### Stored data entries
_____
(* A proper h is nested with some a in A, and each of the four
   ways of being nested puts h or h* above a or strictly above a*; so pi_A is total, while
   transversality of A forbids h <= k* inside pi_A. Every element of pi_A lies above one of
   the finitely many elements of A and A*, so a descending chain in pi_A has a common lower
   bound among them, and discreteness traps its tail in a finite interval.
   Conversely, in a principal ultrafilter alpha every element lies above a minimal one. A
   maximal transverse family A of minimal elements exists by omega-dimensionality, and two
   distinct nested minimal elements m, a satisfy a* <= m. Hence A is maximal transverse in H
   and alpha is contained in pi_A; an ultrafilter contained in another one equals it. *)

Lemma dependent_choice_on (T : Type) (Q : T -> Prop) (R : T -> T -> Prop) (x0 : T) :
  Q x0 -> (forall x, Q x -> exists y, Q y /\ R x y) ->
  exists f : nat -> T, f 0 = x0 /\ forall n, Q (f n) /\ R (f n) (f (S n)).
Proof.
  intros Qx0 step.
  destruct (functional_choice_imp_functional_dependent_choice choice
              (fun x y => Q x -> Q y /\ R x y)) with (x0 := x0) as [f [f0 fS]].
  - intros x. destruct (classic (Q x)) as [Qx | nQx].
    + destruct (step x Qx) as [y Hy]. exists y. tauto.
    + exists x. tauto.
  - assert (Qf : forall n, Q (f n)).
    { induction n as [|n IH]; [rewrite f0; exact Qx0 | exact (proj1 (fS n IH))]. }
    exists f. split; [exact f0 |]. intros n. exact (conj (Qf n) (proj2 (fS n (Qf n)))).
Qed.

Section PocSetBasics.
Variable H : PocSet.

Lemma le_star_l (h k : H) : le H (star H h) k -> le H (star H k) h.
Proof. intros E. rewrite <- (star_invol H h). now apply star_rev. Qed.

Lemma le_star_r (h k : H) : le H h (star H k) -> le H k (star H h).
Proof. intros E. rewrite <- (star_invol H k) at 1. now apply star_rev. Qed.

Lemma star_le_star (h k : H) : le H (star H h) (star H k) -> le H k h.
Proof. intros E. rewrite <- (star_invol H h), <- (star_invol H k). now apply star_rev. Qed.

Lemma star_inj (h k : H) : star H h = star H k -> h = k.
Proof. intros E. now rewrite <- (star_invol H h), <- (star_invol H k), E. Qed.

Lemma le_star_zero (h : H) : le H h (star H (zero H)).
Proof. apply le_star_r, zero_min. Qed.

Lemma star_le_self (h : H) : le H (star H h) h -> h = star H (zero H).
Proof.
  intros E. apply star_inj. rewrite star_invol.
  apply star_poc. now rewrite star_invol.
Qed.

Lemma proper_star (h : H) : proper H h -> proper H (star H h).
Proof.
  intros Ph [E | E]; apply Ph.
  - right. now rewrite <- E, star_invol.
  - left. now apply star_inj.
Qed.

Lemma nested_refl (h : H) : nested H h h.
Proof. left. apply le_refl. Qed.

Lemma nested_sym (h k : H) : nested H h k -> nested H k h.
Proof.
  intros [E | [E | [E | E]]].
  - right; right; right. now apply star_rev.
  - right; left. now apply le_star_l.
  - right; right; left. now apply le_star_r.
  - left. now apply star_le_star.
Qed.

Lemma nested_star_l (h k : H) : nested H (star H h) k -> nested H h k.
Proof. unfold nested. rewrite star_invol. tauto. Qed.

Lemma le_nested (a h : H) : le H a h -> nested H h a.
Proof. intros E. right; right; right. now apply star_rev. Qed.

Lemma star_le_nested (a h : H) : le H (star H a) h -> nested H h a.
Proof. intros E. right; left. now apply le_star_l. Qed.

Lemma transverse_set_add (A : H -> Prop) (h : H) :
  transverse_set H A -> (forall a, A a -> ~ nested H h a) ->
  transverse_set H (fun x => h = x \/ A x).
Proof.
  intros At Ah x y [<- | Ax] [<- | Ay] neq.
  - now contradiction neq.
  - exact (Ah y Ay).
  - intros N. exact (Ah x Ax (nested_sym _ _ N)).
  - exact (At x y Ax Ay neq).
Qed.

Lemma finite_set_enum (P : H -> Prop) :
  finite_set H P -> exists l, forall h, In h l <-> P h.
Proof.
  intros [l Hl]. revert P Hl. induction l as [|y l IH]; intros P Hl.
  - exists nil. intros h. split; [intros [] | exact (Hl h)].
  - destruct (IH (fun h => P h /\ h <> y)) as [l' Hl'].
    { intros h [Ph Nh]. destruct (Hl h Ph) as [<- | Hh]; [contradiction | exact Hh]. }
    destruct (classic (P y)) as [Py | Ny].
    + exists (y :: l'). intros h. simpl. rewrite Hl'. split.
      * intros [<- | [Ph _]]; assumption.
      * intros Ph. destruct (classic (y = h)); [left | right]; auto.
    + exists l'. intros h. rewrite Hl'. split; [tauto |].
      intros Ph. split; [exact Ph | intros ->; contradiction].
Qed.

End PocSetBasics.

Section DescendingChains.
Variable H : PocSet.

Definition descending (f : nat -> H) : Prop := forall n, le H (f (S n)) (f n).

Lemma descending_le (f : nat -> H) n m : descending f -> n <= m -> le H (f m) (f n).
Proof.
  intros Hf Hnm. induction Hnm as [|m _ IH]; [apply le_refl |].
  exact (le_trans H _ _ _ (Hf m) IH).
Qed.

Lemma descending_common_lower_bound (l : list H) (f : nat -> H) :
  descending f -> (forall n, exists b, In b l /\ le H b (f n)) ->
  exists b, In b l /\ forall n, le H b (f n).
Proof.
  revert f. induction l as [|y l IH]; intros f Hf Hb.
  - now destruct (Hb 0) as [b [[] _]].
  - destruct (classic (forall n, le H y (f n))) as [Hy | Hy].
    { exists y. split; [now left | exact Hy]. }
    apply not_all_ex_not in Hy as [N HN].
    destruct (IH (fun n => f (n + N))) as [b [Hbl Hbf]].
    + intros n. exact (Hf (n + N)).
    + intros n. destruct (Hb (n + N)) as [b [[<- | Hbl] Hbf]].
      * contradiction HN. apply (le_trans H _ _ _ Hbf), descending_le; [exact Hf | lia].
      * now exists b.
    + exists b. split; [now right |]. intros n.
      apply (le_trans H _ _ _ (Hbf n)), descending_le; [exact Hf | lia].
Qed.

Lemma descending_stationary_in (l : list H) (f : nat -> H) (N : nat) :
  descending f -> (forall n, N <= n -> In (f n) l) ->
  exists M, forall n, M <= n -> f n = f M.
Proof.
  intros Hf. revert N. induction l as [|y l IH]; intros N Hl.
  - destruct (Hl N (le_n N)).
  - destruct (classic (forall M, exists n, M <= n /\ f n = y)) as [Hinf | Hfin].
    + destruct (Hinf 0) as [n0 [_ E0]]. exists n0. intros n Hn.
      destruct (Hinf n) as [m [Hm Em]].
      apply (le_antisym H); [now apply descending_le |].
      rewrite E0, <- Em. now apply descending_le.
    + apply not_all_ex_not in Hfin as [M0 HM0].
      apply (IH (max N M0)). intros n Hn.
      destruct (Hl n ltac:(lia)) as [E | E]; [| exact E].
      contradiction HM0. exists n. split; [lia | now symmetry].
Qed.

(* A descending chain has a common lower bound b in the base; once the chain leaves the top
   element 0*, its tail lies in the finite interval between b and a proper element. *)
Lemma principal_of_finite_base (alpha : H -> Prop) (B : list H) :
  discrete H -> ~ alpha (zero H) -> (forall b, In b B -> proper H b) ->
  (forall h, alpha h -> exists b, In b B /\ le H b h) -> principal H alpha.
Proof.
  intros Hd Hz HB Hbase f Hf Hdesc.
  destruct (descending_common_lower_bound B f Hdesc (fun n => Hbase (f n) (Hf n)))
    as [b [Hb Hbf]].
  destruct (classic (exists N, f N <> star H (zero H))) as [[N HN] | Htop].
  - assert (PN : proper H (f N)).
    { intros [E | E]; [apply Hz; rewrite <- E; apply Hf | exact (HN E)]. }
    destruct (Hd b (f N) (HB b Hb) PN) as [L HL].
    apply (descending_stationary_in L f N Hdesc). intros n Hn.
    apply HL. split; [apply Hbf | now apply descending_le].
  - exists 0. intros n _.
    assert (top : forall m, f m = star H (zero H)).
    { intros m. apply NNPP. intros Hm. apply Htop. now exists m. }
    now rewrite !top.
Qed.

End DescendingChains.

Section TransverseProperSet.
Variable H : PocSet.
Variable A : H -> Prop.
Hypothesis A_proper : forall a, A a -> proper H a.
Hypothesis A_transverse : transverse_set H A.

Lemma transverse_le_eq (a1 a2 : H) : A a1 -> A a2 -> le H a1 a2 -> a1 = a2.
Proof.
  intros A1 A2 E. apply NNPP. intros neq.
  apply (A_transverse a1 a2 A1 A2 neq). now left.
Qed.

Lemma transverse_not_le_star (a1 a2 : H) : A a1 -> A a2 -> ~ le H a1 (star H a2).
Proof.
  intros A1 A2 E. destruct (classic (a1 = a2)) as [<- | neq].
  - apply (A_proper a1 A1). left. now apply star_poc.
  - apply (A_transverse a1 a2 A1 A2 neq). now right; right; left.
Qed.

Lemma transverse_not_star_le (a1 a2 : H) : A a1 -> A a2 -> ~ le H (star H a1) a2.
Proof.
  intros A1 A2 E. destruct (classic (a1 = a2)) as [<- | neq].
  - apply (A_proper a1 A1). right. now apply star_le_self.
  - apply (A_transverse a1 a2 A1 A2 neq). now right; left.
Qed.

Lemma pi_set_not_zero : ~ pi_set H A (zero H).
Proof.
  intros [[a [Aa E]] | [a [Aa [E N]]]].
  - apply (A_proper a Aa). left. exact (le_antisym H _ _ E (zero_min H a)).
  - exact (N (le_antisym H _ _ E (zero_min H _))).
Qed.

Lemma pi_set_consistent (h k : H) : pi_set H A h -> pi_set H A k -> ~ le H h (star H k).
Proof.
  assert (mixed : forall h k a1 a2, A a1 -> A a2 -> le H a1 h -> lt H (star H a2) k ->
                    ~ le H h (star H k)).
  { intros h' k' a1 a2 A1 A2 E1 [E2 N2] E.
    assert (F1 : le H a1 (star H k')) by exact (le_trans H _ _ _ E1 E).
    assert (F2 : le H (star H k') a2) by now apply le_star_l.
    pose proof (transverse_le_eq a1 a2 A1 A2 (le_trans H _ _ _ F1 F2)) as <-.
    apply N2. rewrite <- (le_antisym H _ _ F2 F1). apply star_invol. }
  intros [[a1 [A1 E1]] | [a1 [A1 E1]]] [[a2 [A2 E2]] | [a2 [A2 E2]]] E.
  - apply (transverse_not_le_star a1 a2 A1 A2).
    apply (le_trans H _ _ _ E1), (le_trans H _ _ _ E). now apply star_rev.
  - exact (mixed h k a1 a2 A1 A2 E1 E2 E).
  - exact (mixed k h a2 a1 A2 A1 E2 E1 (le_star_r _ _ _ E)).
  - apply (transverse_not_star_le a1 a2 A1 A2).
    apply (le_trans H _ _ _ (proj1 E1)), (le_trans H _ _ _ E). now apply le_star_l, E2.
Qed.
_____
### Your objective
Write out exactly the lines of the entries above that run from the line containing "apply (le_trans H _ _ _ (proj1" through the last line, including both.

### Result
    apply (le_trans H _ _ _ (proj1 E1)), (le_trans H _ _ _ E). now apply le_star_l, E2.
Qed.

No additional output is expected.